:: INPUT DATA

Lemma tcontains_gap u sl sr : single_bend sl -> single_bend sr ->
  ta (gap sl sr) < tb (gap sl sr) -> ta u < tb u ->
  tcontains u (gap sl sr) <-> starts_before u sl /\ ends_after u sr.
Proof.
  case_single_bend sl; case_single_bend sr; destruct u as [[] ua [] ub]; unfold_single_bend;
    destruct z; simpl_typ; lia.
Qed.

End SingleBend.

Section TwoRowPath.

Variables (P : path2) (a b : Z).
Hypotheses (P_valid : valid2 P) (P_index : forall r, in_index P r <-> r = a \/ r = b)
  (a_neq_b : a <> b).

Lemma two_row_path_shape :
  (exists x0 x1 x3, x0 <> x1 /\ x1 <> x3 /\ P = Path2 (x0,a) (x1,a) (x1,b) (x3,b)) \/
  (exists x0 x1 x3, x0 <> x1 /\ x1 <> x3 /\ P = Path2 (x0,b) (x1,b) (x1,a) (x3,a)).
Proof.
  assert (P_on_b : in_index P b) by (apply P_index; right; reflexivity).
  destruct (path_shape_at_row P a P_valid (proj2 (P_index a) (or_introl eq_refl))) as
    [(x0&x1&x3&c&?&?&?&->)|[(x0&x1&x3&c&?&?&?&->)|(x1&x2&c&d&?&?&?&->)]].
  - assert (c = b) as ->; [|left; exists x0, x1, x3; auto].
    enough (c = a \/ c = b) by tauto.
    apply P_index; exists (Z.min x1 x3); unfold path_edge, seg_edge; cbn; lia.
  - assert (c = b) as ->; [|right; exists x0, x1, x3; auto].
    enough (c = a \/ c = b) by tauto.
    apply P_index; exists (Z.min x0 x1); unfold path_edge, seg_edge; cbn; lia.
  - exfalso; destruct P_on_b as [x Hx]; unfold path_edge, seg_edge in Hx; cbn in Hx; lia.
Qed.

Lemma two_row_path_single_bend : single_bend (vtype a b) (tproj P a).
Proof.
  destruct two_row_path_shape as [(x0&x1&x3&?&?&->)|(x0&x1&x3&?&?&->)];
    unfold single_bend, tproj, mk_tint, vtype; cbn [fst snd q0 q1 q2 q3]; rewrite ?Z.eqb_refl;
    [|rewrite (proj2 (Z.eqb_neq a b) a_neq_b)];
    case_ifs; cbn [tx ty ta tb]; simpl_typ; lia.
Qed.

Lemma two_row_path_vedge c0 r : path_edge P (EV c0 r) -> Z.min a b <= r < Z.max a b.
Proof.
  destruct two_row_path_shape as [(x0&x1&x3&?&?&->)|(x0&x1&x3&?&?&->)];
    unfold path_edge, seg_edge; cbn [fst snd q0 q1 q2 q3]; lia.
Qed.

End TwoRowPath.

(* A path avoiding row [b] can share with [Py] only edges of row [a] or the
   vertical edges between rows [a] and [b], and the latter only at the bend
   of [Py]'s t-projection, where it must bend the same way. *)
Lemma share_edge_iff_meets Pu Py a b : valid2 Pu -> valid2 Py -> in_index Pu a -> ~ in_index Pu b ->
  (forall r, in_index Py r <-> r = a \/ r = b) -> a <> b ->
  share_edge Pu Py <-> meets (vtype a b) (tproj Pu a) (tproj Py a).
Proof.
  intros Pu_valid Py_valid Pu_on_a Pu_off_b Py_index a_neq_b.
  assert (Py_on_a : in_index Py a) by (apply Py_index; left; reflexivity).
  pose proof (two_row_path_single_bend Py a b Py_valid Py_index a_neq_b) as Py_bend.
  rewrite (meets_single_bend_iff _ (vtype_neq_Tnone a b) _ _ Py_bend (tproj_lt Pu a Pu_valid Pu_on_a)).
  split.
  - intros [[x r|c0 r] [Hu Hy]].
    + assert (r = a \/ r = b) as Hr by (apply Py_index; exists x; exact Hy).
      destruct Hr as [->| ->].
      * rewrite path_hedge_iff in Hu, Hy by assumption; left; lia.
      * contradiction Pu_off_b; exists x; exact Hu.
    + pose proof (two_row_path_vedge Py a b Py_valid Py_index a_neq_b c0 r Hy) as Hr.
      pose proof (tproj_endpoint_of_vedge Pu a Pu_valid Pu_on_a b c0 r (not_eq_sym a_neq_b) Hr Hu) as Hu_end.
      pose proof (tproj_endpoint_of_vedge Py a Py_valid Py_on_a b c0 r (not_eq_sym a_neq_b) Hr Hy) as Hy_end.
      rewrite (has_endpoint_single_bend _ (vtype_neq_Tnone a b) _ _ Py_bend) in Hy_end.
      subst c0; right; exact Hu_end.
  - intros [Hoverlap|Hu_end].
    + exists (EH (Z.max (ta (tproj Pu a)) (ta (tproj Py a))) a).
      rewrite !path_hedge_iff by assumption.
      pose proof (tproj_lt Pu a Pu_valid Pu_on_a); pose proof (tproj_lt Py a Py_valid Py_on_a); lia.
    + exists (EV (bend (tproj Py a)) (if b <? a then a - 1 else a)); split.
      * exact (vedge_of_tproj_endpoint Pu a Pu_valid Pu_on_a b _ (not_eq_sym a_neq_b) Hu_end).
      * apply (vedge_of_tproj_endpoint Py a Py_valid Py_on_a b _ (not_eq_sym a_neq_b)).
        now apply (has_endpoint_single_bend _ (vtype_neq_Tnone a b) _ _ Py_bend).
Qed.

::::
:: INPUT DATA

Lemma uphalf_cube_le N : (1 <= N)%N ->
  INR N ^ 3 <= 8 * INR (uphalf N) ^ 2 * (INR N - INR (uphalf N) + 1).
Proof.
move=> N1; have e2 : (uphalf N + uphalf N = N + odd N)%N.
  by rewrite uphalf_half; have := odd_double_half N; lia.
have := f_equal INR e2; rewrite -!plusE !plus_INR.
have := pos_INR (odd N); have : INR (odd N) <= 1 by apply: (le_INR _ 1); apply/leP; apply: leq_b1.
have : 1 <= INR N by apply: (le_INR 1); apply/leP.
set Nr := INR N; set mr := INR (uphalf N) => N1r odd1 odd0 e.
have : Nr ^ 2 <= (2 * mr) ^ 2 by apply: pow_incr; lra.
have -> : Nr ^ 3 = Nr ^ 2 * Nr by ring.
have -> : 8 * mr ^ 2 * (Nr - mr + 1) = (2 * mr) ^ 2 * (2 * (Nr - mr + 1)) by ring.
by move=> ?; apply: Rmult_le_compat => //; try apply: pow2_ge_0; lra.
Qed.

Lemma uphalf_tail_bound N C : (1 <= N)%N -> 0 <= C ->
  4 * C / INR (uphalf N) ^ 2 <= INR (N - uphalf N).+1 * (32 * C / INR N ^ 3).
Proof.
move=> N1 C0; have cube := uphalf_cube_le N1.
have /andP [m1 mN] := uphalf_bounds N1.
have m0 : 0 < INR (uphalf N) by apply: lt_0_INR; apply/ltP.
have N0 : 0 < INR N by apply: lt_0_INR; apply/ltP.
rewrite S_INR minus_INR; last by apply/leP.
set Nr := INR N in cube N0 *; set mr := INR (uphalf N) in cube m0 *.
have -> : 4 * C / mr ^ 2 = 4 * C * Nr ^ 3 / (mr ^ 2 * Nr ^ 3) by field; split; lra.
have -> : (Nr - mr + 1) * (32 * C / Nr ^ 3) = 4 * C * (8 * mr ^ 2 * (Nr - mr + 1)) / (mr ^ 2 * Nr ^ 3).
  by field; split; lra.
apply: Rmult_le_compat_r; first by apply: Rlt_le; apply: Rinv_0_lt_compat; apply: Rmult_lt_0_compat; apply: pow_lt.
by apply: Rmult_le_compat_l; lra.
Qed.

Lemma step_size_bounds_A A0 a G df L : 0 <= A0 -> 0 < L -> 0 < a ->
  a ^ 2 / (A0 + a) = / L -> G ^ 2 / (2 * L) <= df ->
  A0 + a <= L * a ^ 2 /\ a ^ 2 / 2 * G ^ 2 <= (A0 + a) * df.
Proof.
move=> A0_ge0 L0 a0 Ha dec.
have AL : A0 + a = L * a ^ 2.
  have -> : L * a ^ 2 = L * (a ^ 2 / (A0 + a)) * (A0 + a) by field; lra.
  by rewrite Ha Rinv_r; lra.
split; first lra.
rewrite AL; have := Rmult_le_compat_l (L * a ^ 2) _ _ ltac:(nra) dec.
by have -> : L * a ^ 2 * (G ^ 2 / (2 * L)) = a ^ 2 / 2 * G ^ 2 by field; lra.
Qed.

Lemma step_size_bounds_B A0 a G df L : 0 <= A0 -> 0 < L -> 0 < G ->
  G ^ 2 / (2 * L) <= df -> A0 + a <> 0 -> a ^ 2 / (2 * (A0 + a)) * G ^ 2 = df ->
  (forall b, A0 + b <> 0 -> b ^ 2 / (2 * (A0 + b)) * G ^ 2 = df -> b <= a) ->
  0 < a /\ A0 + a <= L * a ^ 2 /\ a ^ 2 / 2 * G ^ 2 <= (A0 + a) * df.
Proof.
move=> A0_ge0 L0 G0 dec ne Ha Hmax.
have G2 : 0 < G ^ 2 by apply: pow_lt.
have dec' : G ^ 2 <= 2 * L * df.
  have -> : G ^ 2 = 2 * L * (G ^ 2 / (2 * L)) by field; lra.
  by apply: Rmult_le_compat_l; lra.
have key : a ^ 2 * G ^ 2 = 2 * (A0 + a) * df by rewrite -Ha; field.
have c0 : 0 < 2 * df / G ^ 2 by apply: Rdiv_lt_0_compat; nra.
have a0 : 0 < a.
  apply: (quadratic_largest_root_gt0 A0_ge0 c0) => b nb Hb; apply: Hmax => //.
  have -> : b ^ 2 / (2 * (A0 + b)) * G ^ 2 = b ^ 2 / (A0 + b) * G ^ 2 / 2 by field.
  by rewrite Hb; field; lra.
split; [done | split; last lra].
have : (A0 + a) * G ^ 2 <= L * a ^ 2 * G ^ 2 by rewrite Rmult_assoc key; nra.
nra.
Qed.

::::

> WHAT IS BEING ASKED:
Repeat exactly the lines above from the one with "share_edge Pu Py" up to and including the one with "pose proof (two_row_path_single_bend". No other line belongs in the reply.

> TASK OUTPUT:
  share_edge Pu Py <-> meets (vtype a b) (tproj Pu a) (tproj Py a).
Proof.
  intros Pu_valid Py_valid Pu_on_a Pu_off_b Py_index a_neq_b.
  assert (Py_on_a : in_index Py a) by (apply Py_index; left; reflexivity).
  pose proof (two_row_path_single_bend Py a b Py_valid Py_index a_neq_b) as Py_bend.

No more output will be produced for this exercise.